**Activity**:
For the listing below, return the line containing "Lemma smooth2_ex_derive_y f", the line containing "apply ex_derive_ext with", and all lines in between, exactly as written and nothing else.

**Data for this task**:
(* Let $\rho$ be a smooth function on an open interval $I$ with $\rho(t)\neq0$ for all $t\in I$, and let $\mu,\sigma$ be nonzero constants. Let $U(r,y),V(r,y)$ be smooth functions on $\mathbb{R}^2$ and define, for $(x,y,t)\in\mathbb{R}^2\times I$, $$u(x,y,t)=\rho(t)^{1/3}\,U\big(\rho(t)^{1/3}x,\,y\big),\qquad v(x,y,t)=\rho(t)^{2/3}\,V\big(\rho(t)^{1/3}x,\,y\big)-\frac{\rho'(t)}{9\mu}x,$$ where $\rho^{1/3}$ denotes the real cube root. Then $(u,v)$ solves $$\rho(t)u_t+3\mu(uv)_x+\sigma u_{xxx}=0,\qquad u_x=v_y$$ if and only if $(U,V)$ solves $$3\mu(UV)_r+\sigma U_{rrr}=0,\qquad U_r-V_y=0.$$ *)

From Stdlib Require Import Reals Lra.
From Coquelicot Require Import Coquelicot.
Open Scope R_scope.

Definition cbrt (x : R) : R :=
  if Rlt_dec 0 x then Rpower x (1/3)
  else if Rlt_dec x 0 then - Rpower (- x) (1/3) else 0.

Definition in_I (a b : Rbar) (t : R) : Prop := Rbar_lt a t /\ Rbar_lt t b.

Definition smooth_on (a b : Rbar) (f : R -> R) : Prop :=
  forall (n : nat) (t : R), in_I a b t -> ex_derive_n f n t.

Fixpoint Ck2 (n : nat) (f : R -> R -> R) : Prop :=
  match n with
  | O => forall x y : R, continuous (fun p : R * R => f (fst p) (snd p)) (x, y)
  | S m =>
      (forall x y : R, ex_derive (fun z => f z y) x /\ ex_derive (fun w => f x w) y)
      /\ Ck2 m f
      /\ Ck2 m (fun x y => Derive (fun z => f z y) x)
      /\ Ck2 m (fun x y => Derive (fun w => f x w) y)
  end.

Definition smooth2 (f : R -> R -> R) : Prop := forall n, Ck2 n f.

(** With [c = ρ^(1/3)] we have [ρ = c^3] and [c' = ρ'/(3c^2)].  Every
    derivative of [(u,v)] is a power of [c] times the corresponding derivative
    of [(U,V)] at [r = c x], except for the terms created by the time
    dependence of [c]; the drift [-ρ' x/(9μ)] in [v] is exactly what makes its
    contribution to [3μ(uv)_x] cancel [ρ u_t].  So the first residual of
    [(u,v)] is [c^4] times that of [(U,V)] and the second is [c^2] times it.
    As [c ≠ 0], and [r = c x] sweeps [R] as [x] does, the systems are
    equivalent. *)

From Stdlib Require Import Reals Lra.
From Coquelicot Require Import Coquelicot.
Open Scope R_scope.

Lemma Rpower_third_pow3 y : 0 < y -> Rpower y (1/3) ^ 3 = y.
Proof.
  intro Hy.
  rewrite <- Rpower_pow by (unfold Rpower; apply exp_pos).
  rewrite Rpower_mult.
  replace (1/3 * INR 3) with 1 by (simpl; field).
  now apply Rpower_1.
Qed.

Lemma cbrt_pow3 y : cbrt y ^ 3 = y.
Proof.
  unfold cbrt.
  destruct (Rlt_dec 0 y); [now apply Rpower_third_pow3|].
  destruct (Rlt_dec y 0); [|simpl; lra].
  replace ((- Rpower (- y) (1/3)) ^ 3) with (- Rpower (- y) (1/3) ^ 3) by ring.
  rewrite Rpower_third_pow3; lra.
Qed.

Lemma cbrt_neq0 y : y <> 0 -> cbrt y <> 0.
Proof. intros Hy E. apply Hy. rewrite <- (cbrt_pow3 y), E. ring. Qed.

Lemma ex_derive_cbrt y : y <> 0 -> ex_derive cbrt y.
Proof.
  intro Hy. destruct (Rlt_dec 0 y) as [Hpos|Hnpos].
  - apply ex_derive_ext_loc with (f := fun z => exp (1/3 * ln z)).
    + apply filter_imp with (P := fun z => 0 < z); [|exact (open_gt 0 y Hpos)].
      intros z Hz. unfold cbrt. now destruct (Rlt_dec 0 z); [|lra].
    + auto_derive. exact Hpos.
  - assert (Hneg : y < 0) by lra.
    apply ex_derive_ext_loc with (f := fun z => - exp (1/3 * ln (- z))).
    + apply filter_imp with (P := fun z => z < 0); [|exact (open_lt 0 y Hneg)].
      intros z Hz. unfold cbrt.
      destruct (Rlt_dec 0 z); [lra|]. now destruct (Rlt_dec z 0); [|lra].
    + auto_derive. lra.
Qed.

Lemma is_derive_cbrt y : y <> 0 -> is_derive cbrt y (/ (3 * cbrt y ^ 2)).
Proof.
  intro Hy.
  pose proof (ex_derive_cbrt y Hy) as Hcbrt.
  assert (Hcube : is_derive (fun z => cbrt z ^ 3) y (3 * cbrt y ^ 2 * Derive cbrt y)).
  { auto_derive; [exact Hcbrt|]. change (fun z : R => cbrt z) with cbrt. ring. }
  apply (is_derive_ext _ (fun z => z)) in Hcube; [|intro; apply cbrt_pow3].
  assert (HD : 3 * cbrt y ^ 2 * Derive cbrt y = 1)
    by (rewrite <- (is_derive_unique _ _ _ Hcube); apply Derive_id).
  replace (/ (3 * cbrt y ^ 2)) with (Derive cbrt y).
  - now apply Derive_correct.
  - field_simplify_eq; [lra | exact (cbrt_neq0 y Hy)].
Qed.

Lemma in_I_nonempty a b : Rbar_lt a b -> exists t, in_I a b t.
Proof.
  unfold in_I. destruct a as [a| |], b as [b| |]; simpl; intro H; try contradiction.
  - exists ((a + b) / 2); simpl; lra.
  - exists (a + 1); simpl; lra.
  - exists (b - 1); simpl; lra.
  - now exists 0.
Qed.

Definition partial_x (f : R -> R -> R) : R -> R -> R :=
  fun x y => Derive (fun z => f z y) x.

Lemma Derive_n_partial_x f k x y :
  Derive_n (fun z => f z y) k x = Nat.iter k partial_x f x y.
Proof.
  revert x. induction k as [|k IH]; intro x; [reflexivity|].
  simpl. unfold partial_x at 1. now apply Derive_ext.
Qed.

Lemma smooth2_partial_x f : smooth2 f -> smooth2 (partial_x f).
Proof. intros Hf n. now destruct (Hf (S n)) as [_ [_ [Hx _]]]. Qed.

Lemma smooth2_ex_derive_x f : smooth2 f -> forall x y, ex_derive (fun z => f z y) x.
Proof. intros Hf x y. apply (proj1 (Hf 1%nat)). Qed.

Lemma smooth2_ex_derive_y f : smooth2 f -> forall x y, ex_derive (fun w => f x w) y.
Proof. intros Hf x y. apply (proj1 (Hf 1%nat)). Qed.

Lemma smooth2_ex_derive_n_x f : smooth2 f -> forall k x y, ex_derive_n (fun z => f z y) k x.
Proof.
  intros Hf [|k] x y; [exact I|].
  apply ex_derive_ext with (f := fun z => Nat.iter k partial_x f z y).
  - intro z. symmetry. apply Derive_n_partial_x.
  - apply smooth2_ex_derive_x.
    induction k as [|k IH]; [exact Hf|]. now apply smooth2_partial_x.
Qed.

Section Scaling.

Variables (rho : R -> R) (mu : R) (U V : R -> R -> R) (t : R).
Hypotheses (rho_neq0 : rho t <> 0) (rho_derivable : ex_derive rho t)
  (mu_neq0 : mu <> 0) (U_smooth : smooth2 U) (V_smooth : smooth2 V).

Local Notation c := (cbrt (rho t)).
Local Notation u x y s := (cbrt (rho s) * U (cbrt (rho s) * x) y).
Local Notation v x y s :=
  (cbrt (rho s) ^ 2 * V (cbrt (rho s) * x) y - Derive rho s / (9 * mu) * x).

Let c_neq0 : c <> 0 := cbrt_neq0 _ rho_neq0.

Lemma Derive_scaled_t x y :
  Derive (fun s => u x y s) t
  = Derive rho t / (3 * c ^ 2) * (U (c * x) y + c * x * Derive (fun z => U z y) (c * x)).
Proof.
  pose proof (smooth2_ex_derive_x U U_smooth (c * x) y) as HUx.
  pose proof (ex_derive_cbrt _ rho_neq0) as Hcbrt.
  apply is_derive_unique. auto_derive; [repeat split; auto|].
  change (fun s : R => cbrt s) with cbrt. change (fun s : R => rho s) with rho.
  rewrite (is_derive_unique _ _ _ (is_derive_cbrt _ rho_neq0)). field. exact c_neq0.
Qed.

Lemma Derive_scaled_x y x :
  Derive (fun z => u z y t) x = c ^ 2 * Derive (fun z => U z y) (c * x).
Proof.
  pose proof (smooth2_ex_derive_x U U_smooth (c * x) y) as HUx.
  apply is_derive_unique. auto_derive; [auto | ring].
Qed.

Lemma Derive_n_scaled_x y n x :
  Derive_n (fun z => u z y t) n x = c * c ^ n * Derive_n (fun z => U z y) n (c * x).
Proof.
  rewrite Derive_n_scal_l, (Derive_n_comp_scal (fun z => U z y)), Rmult_assoc; [reflexivity|].
  apply filter_forall. intros. now apply smooth2_ex_derive_n_x.
Qed.

Lemma Derive_scaled_product_x y x :
  Derive (fun z => u z y t * v z y t) x
  = c ^ 4 * Derive (fun z => U z y * V z y) (c * x)
    - Derive rho t / (9 * mu) * (c ^ 2 * x * Derive (fun z => U z y) (c * x) + c * U (c * x) y).
Proof.
  pose proof (smooth2_ex_derive_x U U_smooth (c * x) y) as HUx.
  pose proof (smooth2_ex_derive_x V V_smooth (c * x) y) as HVx.
  rewrite (Derive_mult (fun z => U z y) (fun z => V z y)) by assumption.
  apply is_derive_unique. auto_derive; [auto | field; exact mu_neq0].
Qed.

Lemma Derive_scaled_y x y :
  Derive (fun w => v x w t) y = c ^ 2 * Derive (fun w => V (c * x) w) y.
Proof.
  pose proof (smooth2_ex_derive_y V V_smooth (c * x) y) as HVy.
  apply is_derive_unique. auto_derive; [auto | ring].
Qed.

Lemma evolution_residual_scaled sigma x y :
  rho t * Derive (fun s => u x y s) t
  + 3 * mu * Derive (fun z => u z y t * v z y t) x
  + sigma * Derive_n (fun z => u z y t) 3 x
  = c ^ 4 * (3 * mu * Derive (fun z => U z y * V z y) (c * x)
             + sigma * Derive_n (fun z => U z y) 3 (c * x)).
Proof.
  rewrite Derive_scaled_t, Derive_scaled_product_x, Derive_n_scaled_x.
  rewrite <- (cbrt_pow3 (rho t)) at 1.
  field. split; [exact mu_neq0 | exact c_neq0].
Qed.

Lemma compatibility_residual_scaled x y :
  Derive (fun z => u z y t) x - Derive (fun w => v x w t) y
  = c ^ 2 * (Derive (fun z => U z y) (c * x) - Derive (fun w => V (c * x) w) y).
Proof. rewrite Derive_scaled_x, Derive_scaled_y. ring. Qed.

End Scaling.

Theorem mainTheorem3 (a b : Rbar) (rho : R -> R) (mu sigma : R)
  (U V : R -> R -> R) :
  Rbar_lt a b ->
  smooth_on a b rho ->
  (forall t, in_I a b t -> rho t <> 0) ->
  mu <> 0 -> sigma <> 0 ->
  smooth2 U -> smooth2 V ->
  let u := fun x y t => cbrt (rho t) * U (cbrt (rho t) * x) y in
  let v := fun x y t =>
    (cbrt (rho t)) ^ 2 * V (cbrt (rho t) * x) y - Derive rho t / (9 * mu) * x in
  (forall x y t, in_I a b t ->
      rho t * Derive (fun s => u x y s) t
      + 3 * mu * Derive (fun z => u z y t * v z y t) x
      + sigma * Derive_n (fun z => u z y t) 3 x = 0
      /\ Derive (fun z => u z y t) x = Derive (fun w => v x w t) y)
  <->
  (forall r y,
      3 * mu * Derive (fun z => U z y * V z y) r
      + sigma * Derive_n (fun z => U z y) 3 r = 0
      /\ Derive (fun z => U z y) r - Derive (fun w => V r w) y = 0).
Proof.
  intros Hab Hrho Hrho_neq0 Hmu _ HU HV. cbv zeta beta.
  pose proof (fun t (Ht : in_I a b t) => evolution_residual_scaled rho mu U V t
    (Hrho_neq0 t Ht) (Hrho 1%nat t Ht) Hmu HU HV sigma) as Hevol.
  pose proof (fun t => compatibility_residual_scaled rho mu U V t HU HV) as Hcompat.
  split.
  - intros Hsol r y.
    destruct (in_I_nonempty a b Hab) as [t Ht].
    pose proof (cbrt_neq0 _ (Hrho_neq0 t Ht)) as Hc.
    specialize (Hevol t Ht (r / cbrt (rho t)) y). specialize (Hcompat t (r / cbrt (rho t)) y).
    destruct (Hsol (r / cbrt (rho t)) y t Ht) as [Hevol0 Hcompat0].
    rewrite Hevol0 in Hevol. rewrite Hcompat0, Rminus_diag in Hcompat.
    replace (cbrt (rho t) * (r / cbrt (rho t))) with r in Hevol, Hcompat by (field; exact Hc).
    split.
    + apply (Rmult_eq_reg_l (cbrt (rho t) ^ 4)); [|now apply pow_nonzero].
      now rewrite <- Hevol, Rmult_0_r.
    + apply (Rmult_eq_reg_l (cbrt (rho t) ^ 2)); [|now apply pow_nonzero].
      now rewrite <- Hcompat, Rmult_0_r.
  - intros Hsol x y t Ht.
    specialize (Hevol t Ht x y). specialize (Hcompat t x y).
    destruct (Hsol (cbrt (rho t) * x) y) as [Hevol0 Hcompat0].
    rewrite Hevol0, Rmult_0_r in Hevol. rewrite Hcompat0, Rmult_0_r in Hcompat.
    split; [exact Hevol | lra].
Qed.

**Your response**:
Lemma smooth2_ex_derive_y f : smooth2 f -> forall x y, ex_derive (fun w => f x w) y.
Proof. intros Hf x y. apply (proj1 (Hf 1%nat)). Qed.

Lemma smooth2_ex_derive_n_x f : smooth2 f -> forall k x y, ex_derive_n (fun z => f z y) k x.
Proof.
  intros Hf [|k] x y; [exact I|].
  apply ex_derive_ext with (f := fun z => Nat.iter k partial_x f z y).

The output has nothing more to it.